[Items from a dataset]
(* In $TTR$, if $\Gamma,x:A\vdash_{TTR}(x)u_1\dots u_n:B$, then either $n=0$ and there is a sequence of variables $\mathbf v_0$ not free in $A$ and $\Gamma$ such that $\forall\mathbf v_0A\subseteq B$; or $n\ge1$ and there are types $C_i,B_i$ ($1\le i\le n$) and sequences of variables $\mathbf v_i$ ($0\le i\le n$) not free in $A$ and $\Gamma$, such that $\forall\mathbf v_0A\subseteq C_1\to B_1$, $\forall\mathbf v_iB_i\subseteq C_{i+1}\to B_{i+1}$ for $1\le i\le n-1$, $\forall\mathbf v_nB_n\subseteq B$, and $\Gamma,x:A\vdash_{TTR}u_i:C_i$ for $1\le i\le n$.
   Context: $TTR$ is the type system whose types are built over a second-order language (first-order variables, function symbols, $n$-ary predicate variables and symbols) with a fixed system $\mathbf E$ of equations: atomic $\perp$ and $X(t_1,\dots,t_n)$; $A\to B$, $\forall xA$, $\forall XA$, and $\mu Cx_1\dots x_nA\langle t_1,\dots,t_n\rangle$ for $C$ an $n$-ary predicate symbol occurring and positive in $A$. Subtyping $\subseteq$ is generated by: reflexivity; $A\subseteq A',B\subseteq B'\Rightarrow A'\to B\subseteq A\to B'$; $A[G/v]\subseteq B\Rightarrow\forall vA\subseteq B$ ($G$ a term or formula as appropriate); $A\subseteq B\Rightarrow A\subseteq\forall vB$ ($v$ not free in $A$); $A\subseteq B[v/y]\Rightarrow A\subseteq B[w/y]$ for $v=w$ an instance of an equation of $\mathbf E$; transitivity; $D[\mu C\bar xD\langle\bar z\rangle/C(\bar z)][\bar t/\bar x]\subseteq\mu C\bar xD\langle\bar t\rangle$ and its converse; $D[E/C(\bar x)]\subseteq E\Rightarrow\mu C\bar xD\langle\bar t\rangle\subseteq E[\bar t/\bar x]$. Typing $\vdash_{TTR}$: variable axiom $\Gamma,x:A\vdash x:A$; $\to$-intro/elim; $\forall$-intro (variable not in context) and elimination (instantiating by terms / formulas) for first- and second-order variables; equational rule; subsumption along $\subseteq$; rule (Y): from $\Gamma\vdash t:\forall\bar x[C(\bar x)\to E]\to\forall\bar x[D\to E]$ infer $\Gamma\vdash(Y)t:\forall\bar x[\mu C\bar xD\langle\bar x\rangle\to E]$ ($C$ not free in $E$ nor in $\Gamma$, $Y$ Turing's fixed point combinator). $(x)u_1\dots u_n$ is iterated application; $\forall\mathbf v$ a sequence of quantifiers. *)

From Stdlib Require Import List Arith Bool.
Import ListNotations.

(* First-order terms.  A function symbol is identified by its name and *)
(* its arity (= number of arguments), so every raw term is well formed. *)
Inductive fterm : Type :=
| FV (x : nat)
| FF (f : nat) (ts : list fterm).

Fixpoint tsubst (s : nat -> fterm) (t : fterm) : fterm :=
  match t with
  | FV x => s x
  | FF f ts => FF f (map (tsubst s) ts)
  end.

Fixpoint fv_t (t : fterm) : list nat :=
  match t with
  | FV x => [x]
  | FF _ ts => flat_map fv_t ts
  end.

(* Formulas (types).  Second-order (predicate) variables and predicate *)
(* symbols are identified by (name, arity); in an atom the arity is the *)
(* number of arguments.                                                *)
Inductive pk : Type := KVar | KSym.

Definition pk_eqb (a b : pk) : bool :=
  match a, b with KVar, KVar | KSym, KSym => true | _, _ => false end.

Inductive formula : Type :=
| Bot
| Atom (k : pk) (P : nat) (ts : list fterm)
| Arr (A B : formula)
| All1 (x : nat) (A : formula)
| All2 (X n : nat) (A : formula)
| Mu (C : nat) (xs : list nat) (D : formula) (ts : list fterm).
    (* mu C x1..xn D <t1..tn>; binds C (arity n) and x1..xn in D *)

Definition pname : Type := (pk * nat * nat)%type.

Definition pn_eqb (p q : pname) : bool :=
  match p, q with
  | (k, P, n), (k', P', n') => pk_eqb k k' && (P =? P') && (n =? n')
  end.

Definition mem (x : nat) (l : list nat) : bool := existsb (Nat.eqb x) l.

Fixpoint fv1 (A : formula) : list nat :=
  match A with
  | Bot => []
  | Atom _ _ ts => flat_map fv_t ts
  | Arr A B => fv1 A ++ fv1 B
  | All1 y A => filter (fun z => negb (z =? y)) (fv1 A)
  | All2 _ _ A => fv1 A
  | Mu _ xs D ts => filter (fun z => negb (mem z xs)) (fv1 D) ++ flat_map fv_t ts
  end.

Fixpoint fvp (A : formula) : list pname :=
  match A with
  | Bot => []
  | Atom k P ts => [(k, P, length ts)]
  | Arr A B => fvp A ++ fvp B
  | All1 _ A => fvp A
  | All2 Y m A => filter (fun p => negb (pn_eqb p (KVar, Y, m))) (fvp A)
  | Mu C xs D _ => filter (fun p => negb (pn_eqb p (KSym, C, length xs))) (fvp D)
  end.

Definition upd (s : nat -> fterm) (y : nat) (u : fterm) : nat -> fterm :=
  fun z => if z =? y then u else s z.

Fixpoint upds (s : nat -> fterm) (xs : list nat) (us : list fterm) : nat -> fterm :=
  match xs, us with
  | x :: xs', u :: us' => upd (upds s xs' us') x u
  | _, _ => s
  end.

Definition fresh (l : list nat) : nat := S (list_max l).

Fixpoint fsub (s : nat -> fterm) (A : formula) : formula :=
  match A with
  | Bot => Bot
  | Atom k P ts => Atom k P (map (tsubst s) ts)
  | Arr A B => Arr (fsub s A) (fsub s B)
  | All1 y A =>
      let av := flat_map (fun z => fv_t (s z)) (filter (fun z => negb (z =? y)) (fv1 A)) in
      let y' := if mem y av then fresh (av ++ fv1 A) else y in
      All1 y' (fsub (upd s y (FV y')) A)
  | All2 X n A => All2 X n (fsub s A)
  | Mu C xs D ts =>
      let av := flat_map (fun z => fv_t (s z)) (filter (fun z => negb (mem z xs)) (fv1 D)) in
      let xs' := if existsb (fun x => mem x av) xs
                 then seq (fresh (av ++ fv1 D ++ xs)) (length xs) else xs in
      Mu C xs' (fsub (upds s xs (map FV xs')) D) (map (tsubst s) ts)
  end.

(* An abstraction (x1..xn, F): a formula with n distinguished first-order
   variables, to be substituted for an n-ary predicate variable/symbol. *)
Definition abs : Type := (list nat * formula)%type.

Definition apply_abs (G : abs) (ts : list fterm) : formula :=
  fsub (upds FV (fst G) ts) (snd G).

Definition fv1_abs (G : abs) : list nat :=
  filter (fun z => negb (mem z (fst G))) (fv1 (snd G)).

Definition pnames (l : list pname) : list nat := map (fun p => snd (fst p)) l.

Definition ren_abs (k : pk) (Y' m : nat) : abs :=
  (seq 0 m, Atom k Y' (map FV (seq 0 m))).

Your goal → Filter the entries and copy each line with "arity".

Output of the task →
(* its arity (= number of arguments), so every raw term is well formed. *)
(* symbols are identified by (name, arity); in an atom the arity is the *)
    (* mu C x1..xn D <t1..tn>; binds C (arity n) and x1..xn in D *)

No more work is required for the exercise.